Квасницкий вздохнул, пожав плечами: мол, не хочешь – не надо, – и продолжил:
— Так вот, ты к себе несправедлив. Я знаю тебя много лет. Я помню тебя на уроках математики. Я видел, как ты решаешь эти шахматные задачки, или разгадываешь ребусы и головоломки. Ты погружаешься в проблему полностью и без остатка. Ты нацелен на разгадку, как гончая на след зайца. Наши друзья – нет, они конечно, замечательные друзья, но один сосредоточен на карьере, другой — на жене. А я – я думаю только о том, как это все описать, — Квасницкий сделал красивый и широкий жест рукой с зажатой в ней тростью. Наверное, демонстрируя "все", которое он хочет описывать.

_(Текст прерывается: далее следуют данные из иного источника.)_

Lemma one_sub_mul_pow_neq_0 (alpha : C) (q : R) (n : nat) :
  (0 <= q <= 1)%R -> (Cmod alpha < 1)%R -> 1 - alpha * RtoC (q ^ n) <> 0.
Proof.
  intros hq ha E.
  assert (Hone : Cmod (alpha * RtoC (q ^ n)) = 1%R).
  { replace (alpha * RtoC (q ^ n)) with (1 - (1 - alpha * RtoC (q ^ n))) by ring.
    rewrite E. replace (1 - 0) with (RtoC 1) by ring. apply Cmod_1. }
  rewrite Cmod_mult, Cmod_RtoC_pow in Hone by lra.
  pose proof (pow_le_one q n hq). pose proof (pow_le q n (proj1 hq)). pose proof (Cmod_ge_0 alpha).
  nra.
Qed.

Lemma RtoC_pow_neq_0 (q : R) (n : nat) : (0 < q)%R -> RtoC (q ^ n) <> 0.
Proof. intros hq E. injection E. pose proof (pow_lt q n hq). lra. Qed.

(** * Limits and series of complex numbers *)

Lemma lim_filtermap_eventually {K : AbsRing} {V : CompleteNormedModule K}
  (u : nat -> V) (l : V) :
  filterlim u eventually (locally l) ->
  @lim (CompleteNormedModule.CompleteSpace _ V) (filtermap u eventually) = l.
Proof.
  intros Hu.
  set (L := @lim (CompleteNormedModule.CompleteSpace _ V) (filtermap u eventually)).
  assert (HF : ProperFilter (filtermap u eventually))
    by (apply filtermap_proper_filter; apply eventually_filter).
  assert (Hcauchy : cauchy (filtermap u eventually))
    by (intros eps; exists l; apply Hu, locally_ball).
  assert (HL : filterlim u eventually (locally (L : V))).
  { intros P [eps Heps].
    apply (filter_imp (ball L eps)); [exact Heps|].
    now apply complete_cauchy. }
  exact (@filterlim_locally_unique nat K V eventually _ u L l HL Hu).
Qed.

Lemma csum_is_series (f : nat -> C) (l : C) : is_series f l -> csum f = l.
Proof. exact (@lim_filtermap_eventually C_AbsRing C_CompleteNormedModule (sum_n f) l). Qed.

Lemma qpoch_inf_lim (a : C) (q : R) (l : C) :
  filterlim (qpoch a q) eventually (locally l) -> qpoch_inf a q = l.
Proof. exact (@lim_filtermap_eventually C_AbsRing C_CompleteNormedModule (qpoch a q) l). Qed.

Lemma filterlim_shift_iff {T : Type} (u : nat -> T) (N : nat) (F : (T -> Prop) -> Prop) :
  filterlim (fun n => u (N + n)%nat) eventually F <-> filterlim u eventually F.
Proof.
  split; intros Hu P HP; destruct (Hu P HP) as [M HM].
  - exists (N + M)%nat. intros n Hn.
    replace n with (N + (n - N))%nat by lia. apply HM. lia.
  - exists M. intros n Hn. apply HM. lia.
Qed.

Lemma filterlim_Cplus {T : Type} {F : (T -> Prop) -> Prop} {FF : Filter F}
  (f g : T -> C) (a b : C) :
  filterlim f F (locally a) -> filterlim g F (locally b) ->
  filterlim (fun x => f x + g x) F (locally (a + b)).
Proof.
  intros Hf Hg. eapply filterlim_comp_2; [exact Hf|exact Hg|].
  exact (@filterlim_plus C_AbsRing C_NormedModule a b).
Qed.

Lemma filterlim_Cminus {T : Type} {F : (T -> Prop) -> Prop} {FF : Filter F}
  (f g : T -> C) (a b : C) :
  filterlim f F (locally a) -> filterlim g F (locally b) ->
  filterlim (fun x => f x - g x) F (locally (a - b)).
Proof.
  intros Hf Hg. apply (filterlim_Cplus f (fun x => - g x) a (- b) Hf).
  exact (filterlim_comp _ _ _ g opp _ _ _ Hg (@filterlim_opp C_AbsRing C_NormedModule b)).
Qed.
(* Fix a cell with energy $E>0$ carried by an initial finite population of particles with positive weights summing to $E$, a source energy $S>0$, and a positive integer $N_{obj}$, and suppose that $\frac{S N_{obj}}{E+S}\in\mathbb{N}$ and that $N^{vol}>1$, where $w_{obj}=(E+S)/N_{obj}$ and $N^{vol}=\max(1,\lfloor S/w_{obj}\rfloor)$. Consider the following iterative procedure on two populations: the $N^{vol}$ volumic (emitted) particles each have weight $S/N^{vol}$ and are never modified; at each iteration $l$, the current non-volumic population of $N^{ini}_l$ particles undergoes Russian Roulette and non-conservative Splitting with target weight $w_{obj}$ (as described in the context, with fresh independent uniform random variables), after which the non-volumic particles are rescaled by a common factor so that the total mass of all particles (volumic and non-volumic) equals $E+S$ (if no non-volumic particle survives, they are replaced by a single particle of weight $E$). Let $N^l=N^{vol}+N^{ini}_l$ be the number of particles at iteration $l$. Then $\lim_{l\to\infty}\mathbb{P}[N^l=N_{obj}]=1$; more precisely, there exists $\lambda>0$ such that $\mathbb{P}(N^l\neq N_{obj})\le e^{-l\lambda}$.
   Context: Russian Roulette and non-conservative Splitting with target weight $w_{obj}>0$ applied to a population of particles with positive weights: for each particle $p$ of weight $w_p$ draw independently $u_p\sim\mathcal U(0,1)$, set $I_p=\lfloor w_p/w_{obj}\rfloor$, $R_p=w_p/w_{obj}-I_p$. If $I_p=0$, the particle is killed if $R_p<u_p$ and otherwise its weight becomes $w_{obj}$. If $I_p\ge1$, with $N^{split}_p=I_p+\mathbf 1_{\{u_p<R_p\}}$, the particle is replaced by $N^{split}_p$ copies each of weight $w_{obj}$. *)

From HB Require Import structures.
From mathcomp Require Import all_boot all_order all_algebra.
From mathcomp Require Import all_classical all_reals all_analysis.

Set Implicit Arguments.
Unset Strict Implicit.
Unset Printing Implicit Defensive.

Import Order.TTheory GRing.Theory Num.Theory.
Local Open Scope classical_set_scope.
Local Open Scope ring_scope.

Definition wobj (R : realType) (E S : R) (Nobj : nat) : R := (E + S) / Nobj%:R.

(* N^vol = max(1, floor(S / w_obj)); S / w_obj >= 0 so truncn = floor. *)
Definition Nvol (R : realType) (E S : R) (Nobj : nat) : nat :=
  maxn 1 (Num.truncn (S / wobj E S Nobj)).

(* Number of copies (each of weight w_obj) produced from a particle of
   weight w with uniform draw u by Russian Roulette / non-conservative
   Splitting (I_p = 0: killed iff R_p < u, else one particle of weight w_obj;
   I_p >= 1: I_p + 1_{u < R_p} copies). *)
Definition rr_copies (R : realType) (w_obj w u : R) : nat :=
  let I := Num.truncn (w / w_obj) in
  let Rp := w / w_obj - I%:R in
  if I == 0%N then (if Rp < u then 0%N else 1%N) else addn I (u < Rp)%R.
(* Let $A\in\mathbb{T}^{m\times n}$, $B\in\mathbb{T}^{m\times q}$ and let $P\in\mathbb{R}^{q\times n}$ be a row-stochastic matrix (nonnegative entries, each row summing to $1$). Assume every row of $B$ has at least one finite entry, every column of $A$ has at least one finite entry, and every row of $A$ has at least one finite entry. Let $F=A^\sharp\circ B\circ P$ (a self-map of $\mathbb{T}^n$) and $F^\ast=(B^\top)^\sharp\circ P\circ A^\top$ (a self-map of $\mathbb{T}^m$), i.e. $F(x)=A^\sharp(B\odot(Px))$ and $F^\ast(y)=(B^\top)^\sharp(P(A^\top\odot y))$. Then \[ \overline{\mathrm{cw}}(F^\ast) = -\,\underline{\mathrm{cw}}(F). \]
   Context: $\mathbb{T}=\mathbb{R}\cup\{-\infty\}$ with tropical operations $a\oplus b=\max(a,b)$, $a\odot b=a+b$. For a matrix $C\in\mathbb{T}^{r\times s}$ and $z\in\mathbb{T}^s$, $(C\odot z)_i=\max_k (C_{ik}+z_k)$. For $C\in\mathbb{T}^{r\times s}$, the adjoint $C^\sharp$ maps $y\in(\mathbb{R}\cup\{\pm\infty\})^r$ to the vector with entries $C^\sharp(y)_j=\min_i(-C_{ij}+y_i)$, with the convention $(+\infty)+(-\infty)=(-\infty)+(+\infty)=+\infty$. $C^\top$ is the transpose. For a real matrix $P$ and $z\in\mathbb{T}^s$, $Pz$ is the usual matrix–vector product with the convention $0\cdot(-\infty)=0$. $\mathbb{T}^n$ is ordered entrywise; for $\lambda\in\mathbb{R}$, $\lambda+z$ is entrywise addition. For a self-map $G$ of $\mathbb{T}^d$: $\overline{\mathrm{cw}}(G)=\inf\{\mu\in\mathbb{R}: \exists z\in\mathbb{R}^d,\ G(z)\le\mu+z\}$ and $\underline{\mathrm{cw}}(G)=\sup\{\mu\in\mathbb{R}: \exists z\in\mathbb{R}^d,\ G(z)\ge\mu+z\}$. *)

From Stdlib Require Import Reals Lra ClassicalEpsilon.
Open Scope R_scope.

Inductive ER : Type := Fin (r : R) | PInf | NInf.

(** Tropical numbers T = R ∪ {-∞}; [None] is -∞. *)
Definition trop := option R.

Definition trop_to_ER (a : trop) : ER :=
  match a with Some r => Fin r | None => NInf end.

Definition ER_le (x y : ER) : Prop :=
  match x, y with
  | NInf, _ => True
  | _, PInf => True
  | Fin a, Fin b => a <= b
  | _, _ => False
  end.

Definition ER_opp (x : ER) : ER :=
  match x with Fin a => Fin (- a) | PInf => NInf | NInf => PInf end.

(** Addition with (-∞) absorbing (used for tropical products). *)
Definition ER_add_low (x y : ER) : ER :=
  match x, y with
  | NInf, _ | _, NInf => NInf
  | PInf, _ | _, PInf => PInf
  | Fin a, Fin b => Fin (a + b)
  end.

(** Addition with (+∞)+(-∞) = (-∞)+(+∞) = +∞ (used for the adjoint). *)
Definition ER_add_up (x y : ER) : ER :=
  match x, y with
  | PInf, _ | _, PInf => PInf
  | NInf, _ | _, NInf => NInf
  | Fin a, Fin b => Fin (a + b)
  end.

Definition ER_max (x y : ER) : ER :=
  match x, y with
  | PInf, _ | _, PInf => PInf
  | NInf, z | z, NInf => z
  | Fin a, Fin b => Fin (Rmax a b)
  end.

Definition ER_min (x y : ER) : ER :=
  match x, y with
  | NInf, _ | _, NInf => NInf
  | PInf, z | z, PInf => z
  | Fin a, Fin b => Fin (Rmin a b)
  end.

Fixpoint ER_bigmax (k : nat) (f : nat -> ER) : ER :=
  match k with O => NInf | S k' => ER_max (ER_bigmax k' f) (f k') end.
Fixpoint ER_bigmin (k : nat) (f : nat -> ER) : ER :=
  match k with O => PInf | S k' => ER_min (ER_bigmin k' f) (f k') end.
Fixpoint ER_bigsum (k : nat) (f : nat -> ER) : ER :=
  match k with O => Fin 0 | S k' => ER_add_low (ER_bigsum k' f) (f k') end.
Fixpoint Rbigsum (k : nat) (f : nat -> R) : R :=
  match k with O => 0 | S k' => Rbigsum k' f + f k' end.

(** Scalar multiplication of a real by an extended real, with 0·(±∞) = 0. *)
Definition ER_scal (p : R) (x : ER) : ER :=
  match x with
  | Fin a => Fin (p * a)
  | PInf => if Req_EM_T p 0 then Fin 0 else if Rlt_dec 0 p then PInf else NInf
  | NInf => if Req_EM_T p 0 then Fin 0 else if Rlt_dec 0 p then NInf else PInf
  end.

(** Matrices are functions of row and column indices; vectors are functions
    of an index; only indices below the dimensions are ever used. *)
Definition tmat := nat -> nat -> trop.
Definition vec := nat -> ER.

Definition tmul (s : nat) (C : tmat) (z : vec) : vec :=
  fun i => ER_bigmax s (fun k => ER_add_low (trop_to_ER (C i k)) (z k)).

Definition tadj (r : nat) (C : tmat) (y : vec) : vec :=
  fun j => ER_bigmin r (fun i => ER_add_up (ER_opp (trop_to_ER (C i j))) (y i)).

Definition ttr (C : tmat) : tmat := fun i j => C j i.

Definition rmul (s : nat) (P : nat -> nat -> R) (z : vec) : vec :=
  fun i => ER_bigsum s (fun k => ER_scal (P i k) (z k)).

Definition row_stochastic (q n : nat) (P : nat -> nat -> R) : Prop :=
  (forall i k, (i < q)%nat -> (k < n)%nat -> 0 <= P i k) /\
  (forall i, (i < q)%nat -> Rbigsum n (fun k => P i k) = 1).

Definition ER_sup (S : R -> Prop) : ER :=
  match excluded_middle_informative (exists x, S x) with
  | left ne =>
      match excluded_middle_informative (bound S) with
      | left b => Fin (proj1_sig (completeness S b ne))
      | right _ => PInf
      end
  | right _ => NInf
  end.

Definition ER_inf (S : R -> Prop) : ER :=
  ER_opp (ER_sup (fun x => S (- x))).

Definition cw_upper (d : nat) (G : vec -> vec) : ER :=
  ER_inf (fun mu => exists z : nat -> R,
    forall i, (i < d)%nat -> ER_le (G (fun k => Fin (z k)) i) (Fin (mu + z i))).

Definition cw_lower (d : nat) (G : vec -> vec) : ER :=
  ER_sup (fun mu => exists z : nat -> R,
    forall i, (i < d)%nat -> ER_le (Fin (mu + z i)) (G (fun k => Fin (z k)) i)).

(** By the duality [C^♯ y = -(C^⊤ ⊙ (-y))], the map [F^*] is the conjugate
    by negation of the rotation [H ∘ A^♯] of [F = A^♯ ∘ H], where
    [H x = B ⊙ (P x)]; conjugation
    by negation exchanges upper and lower cycle-time bounds and flips their
    sign.  For monotone, additively homogeneous maps [f], [g] sending
    real vectors to real vectors, [μ + z ≤ g (f z)] yields
    [μ + f z ≤ f (g (f z))], so [g ∘ f] and [f ∘ g] have the same lower
    cycle-time bound. *)
From Stdlib Require Import Reals Lra Lia FunctionalExtensionality PropExtensionality.
Open Scope R_scope.

Lemma ER_le_refl x : ER_le x x.
Proof. destruct x; simpl; auto with real. Qed.

Lemma ER_le_trans x y z : ER_le x y -> ER_le y z -> ER_le x z.
Proof. destruct x, y, z; simpl; tauto || lra. Qed.

Lemma ER_opp_involutive x : ER_opp (ER_opp x) = x.
Proof. destruct x; simpl; auto. now rewrite Ropp_involutive. Qed.

Lemma ER_le_opp x y : ER_le (ER_opp x) (ER_opp y) <-> ER_le y x.
Proof. destruct x, y; simpl; tauto || lra. Qed.

Lemma ER_le_max_l a b : ER_le a (ER_max a b).
Proof. destruct a, b; simpl; auto using Rmax_l with real. Qed.

Lemma ER_le_max_r a b : ER_le b (ER_max a b).
Proof. destruct a, b; simpl; auto using Rmax_r with real. Qed.

Lemma ER_max_lub a b x : ER_le a x -> ER_le b x -> ER_le (ER_max a b) x.
Proof. destruct a, b, x; simpl; auto using Rmax_lub. Qed.

Lemma ER_add_low_monotone x x' y y' :
  ER_le x x' -> ER_le y y' -> ER_le (ER_add_low x y) (ER_add_low x' y').
Proof. destruct x, x', y, y'; simpl; tauto || lra. Qed.

Lemma ER_opp_max a b : ER_opp (ER_max a b) = ER_min (ER_opp a) (ER_opp b).
Proof. destruct a, b; simpl; auto. now rewrite Ropp_Rmax. Qed.

Lemma ER_opp_add_low x y : ER_opp (ER_add_low x y) = ER_add_up (ER_opp x) (ER_opp y).
Proof. destruct x, y; simpl; auto. f_equal; ring. Qed.

Lemma ER_opp_shift c x : ER_opp (ER_add_low (Fin c) x) = ER_add_low (Fin (- c)) (ER_opp x).
Proof. destruct x; simpl; auto. f_equal; ring. Qed.

Lemma ER_max_shift c a b :
  ER_max (ER_add_low (Fin c) a) (ER_add_low (Fin c) b) = ER_add_low (Fin c) (ER_max a b).
Proof.
  destruct a, b; simpl; auto.
  f_equal. unfold Rmax. destruct (Rle_dec (c + r) (c + r0)), (Rle_dec r r0); lra.
Qed.

Lemma ER_bigmax_ub k f i : (i < k)%nat -> ER_le (f i) (ER_bigmax k f).
Proof.
  induction k as [|k IH]; intros Hi; [lia|]. simpl.
  destruct (Nat.eq_dec i k) as [->|Hik]; [apply ER_le_max_r|].
  eapply ER_le_trans; [apply IH; lia|apply ER_le_max_l].
Qed.

Lemma ER_bigmax_lub k f x :
  (forall i, (i < k)%nat -> ER_le (f i) x) -> ER_le (ER_bigmax k f) x.
Proof.
  induction k as [|k IH]; intros H; [destruct x; exact I|].
  apply ER_max_lub; [apply IH; auto|apply H; lia].
Qed.

Lemma ER_bigmax_monotone k f g :
  (forall i, (i < k)%nat -> ER_le (f i) (g i)) -> ER_le (ER_bigmax k f) (ER_bigmax k g).
Proof.
  intros H. apply ER_bigmax_lub. intros i Hi.
  eapply ER_le_trans; [apply H, Hi|apply ER_bigmax_ub, Hi].
Qed.

Lemma ER_bigmax_ext k f g :
  (forall i, (i < k)%nat -> f i = g i) -> ER_bigmax k f = ER_bigmax k g.
Proof.
  induction k as [|k IH]; intros H; simpl; auto.
  rewrite IH, H by auto. reflexivity.
Qed.

Lemma ER_bigmax_not_PInf k f :
  (forall i, (i < k)%nat -> f i <> PInf) -> ER_bigmax k f <> PInf.
Proof.
  induction k as [|k IH]; intros H; simpl; [discriminate|].
  assert (Hk : f k <> PInf) by (apply H; lia).
  assert (Hmax : ER_bigmax k f <> PInf) by (apply IH; auto).
  destruct (ER_bigmax k f), (f k); simpl; congruence.
Qed.

Lemma ER_opp_bigmax k f : ER_opp (ER_bigmax k f) = ER_bigmin k (fun i => ER_opp (f i)).
Proof. induction k as [|k IH]; simpl; auto. now rewrite ER_opp_max, IH. Qed.

Lemma ER_bigmax_shift k c f :
  ER_bigmax k (fun i => ER_add_low (Fin c) (f i)) = ER_add_low (Fin c) (ER_bigmax k f).
Proof. induction k as [|k IH]; [reflexivity|]. cbn [ER_bigmax]. now rewrite IH, ER_max_shift. Qed.

Definition ER_real (x : ER) : Prop := exists r, x = Fin r.

Definition fin (x : ER) : R := match x with Fin r => r | _ => 0 end.

Lemma ER_real_fin x : ER_real x -> x = Fin (fin x).
Proof. now intros [r ->]. Qed.

Definition monotone_map (a b : nat) (f : vec -> vec) : Prop :=
  forall x y, (forall k, (k < a)%nat -> ER_le (x k) (y k)) ->
  forall i, (i < b)%nat -> ER_le (f x i) (f y i).

Definition add_homogeneous (b : nat) (f : vec -> vec) : Prop :=
  forall c (z : nat -> R) i, (i < b)%nat ->
  f (fun k => Fin (c + z k)) i = ER_add_low (Fin c) (f (fun k => Fin (z k)) i).

Definition real_valued (b : nat) (f : vec -> vec) : Prop :=
  forall (z : nat -> R) i, (i < b)%nat -> ER_real (f (fun k => Fin (z k)) i).

Lemma monotone_map_comp a b c f g :
  monotone_map a b f -> monotone_map b c g -> monotone_map a c (fun x => g (f x)).
Proof. intros Hf Hg x y Hxy. apply Hg, Hf, Hxy. Qed.

Lemma tmul_monotone s r C : monotone_map s r (tmul s C).
Proof.
  intros x y Hxy i _. apply ER_bigmax_monotone. intros k Hk.
  apply ER_add_low_monotone; [apply ER_le_refl|apply Hxy, Hk].
Qed.

Lemma tmul_ext s C x y i :
  (forall k, (k < s)%nat -> x k = y k) -> tmul s C x i = tmul s C y i.
Proof. intros H. apply ER_bigmax_ext. intros k Hk. now rewrite H. Qed.

Lemma tmul_homogeneous s r C : add_homogeneous r (tmul s C).
Proof.
  intros c z i _. unfold tmul. rewrite <- ER_bigmax_shift.
  apply ER_bigmax_ext. intros k _. destruct (C i k); simpl; auto. f_equal; ring.
Qed.

Lemma tmul_real s C z i :
  (exists k, (k < s)%nat /\ C i k <> None) -> ER_real (tmul s C (fun k => Fin (z k)) i).
Proof.
  intros [k [Hk HC]]. destruct (C i k) as [b|] eqn:Eb; [|congruence].
  assert (Hlow : ER_le (Fin (b + z k)) (tmul s C (fun k => Fin (z k)) i)).
  { change (Fin (b + z k)) with (ER_add_low (trop_to_ER (Some b)) (Fin (z k))).
    rewrite <- Eb. exact (ER_bigmax_ub s _ k Hk). }
  assert (Htop : tmul s C (fun k => Fin (z k)) i <> PInf).
  { apply ER_bigmax_not_PInf. intros l _. destruct (C i l); discriminate. }
  destruct (tmul s C _ i); simpl in *; [eexists; reflexivity|congruence|contradiction].
Qed.

Lemma tadj_eq_opp_tmul r C y j :
  tadj r C y j = ER_opp (tmul r (ttr C) (fun i => ER_opp (y i)) j).
Proof.
  unfold tadj, tmul, ttr. rewrite ER_opp_bigmax. f_equal.
  apply functional_extensionality. intros i.
  now rewrite ER_opp_add_low, ER_opp_involutive.
Qed.

Lemma tmul_ttr_eq_opp_tadj r C y j :
  tmul r (ttr C) y j = ER_opp (tadj r C (fun i => ER_opp (y i)) j).
Proof.
  rewrite tadj_eq_opp_tmul, ER_opp_involutive. f_equal.
  apply functional_extensionality. intros i. now rewrite ER_opp_involutive.
Qed.

Lemma tadj_monotone r s C : monotone_map r s (tadj r C).
Proof.
  intros x y Hxy j Hj. rewrite !tadj_eq_opp_tmul, ER_le_opp.
  apply (tmul_monotone r s (ttr C)); auto.
  intros i Hi. apply ER_le_opp, Hxy, Hi.
Qed.

Lemma tadj_homogeneous r s C : add_homogeneous s (tadj r C).
Proof.
  intros c z j Hj. rewrite !tadj_eq_opp_tmul. simpl.
  replace (fun i => Fin (- (c + z i))) with (fun i => Fin (- c + - z i))
    by (apply functional_extensionality; intros i; f_equal; ring).
  rewrite (tmul_homogeneous r s (ttr C) (- c) (fun i => - z i)) by auto.
  rewrite ER_opp_shift, Ropp_involutive. reflexivity.
Qed.

Lemma tadj_real r C z j :
  (exists i, (i < r)%nat /\ C i j <> None) -> ER_real (tadj r C (fun k => Fin (z k)) j).
Proof.
  intros HC. rewrite tadj_eq_opp_tmul.
  destruct (tmul_real r (ttr C) (fun k => - z k) j HC) as [t Ht].
  exists (- t). simpl. now rewrite Ht.
Qed.

Lemma ER_scal_monotone p x y : 0 <= p -> ER_le x y -> ER_le (ER_scal p x) (ER_scal p y).
Proof.
  intros Hp Hxy. destruct x, y; simpl in *; try contradiction;
    repeat destruct Req_EM_T; repeat destruct Rlt_dec; subst; simpl; auto; nra.
Qed.

Lemma ER_bigsum_monotone k f g :
  (forall l, (l < k)%nat -> ER_le (f l) (g l)) -> ER_le (ER_bigsum k f) (ER_bigsum k g).
Proof.
  induction k as [|k IH]; intros H; [apply ER_le_refl|].
  apply ER_add_low_monotone; [apply IH; auto|apply H; lia].
Qed.

Lemma rmul_monotone n q P :
  (forall i k, (i < q)%nat -> (k < n)%nat -> 0 <= P i k) -> monotone_map n q (rmul n P).
Proof.
  intros HP x y Hxy i Hi. apply ER_bigsum_monotone. intros l Hl.
  apply ER_scal_monotone; auto.
Qed.

Lemma rmul_real n P z k :
  rmul n P (fun l => Fin (z l)) k = Fin (Rbigsum n (fun l => P k l * z l)).
Proof. unfold rmul. induction n as [|n IH]; [reflexivity|]. cbn [ER_bigsum]. now rewrite IH. Qed.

— Твоя голова – о, это замечательная голова! — продолжал Квасницкий. — И она протухает в пыли таможни! Я понимаю, состояние финансов твоей маменьки не позволило ей дать тебе такое образование, какое заслуживает такая голова! Но чем плохо, если я хочу тебе немножечко помочь? О тебе в городе говорят, у тебя есть уже Имя… Что тебе мешает (кроме твоей скромности, конечно) стать детективом-консультантом на манер все того же Шерлока Холмса? А я бы мог быть твоим Ватсоном. Только я умнее, — самодовольно произнес Квасницкий и подмигнул цветочнице, торговавшей розами.
— Ну, хорошо, — сказал Глюк, — я расскажу тебе, но попозже. Видишь же, мы уже пришли.
Известность и популярность имеют и свой аверс, и свой реверс – в точности, как медали или монеты.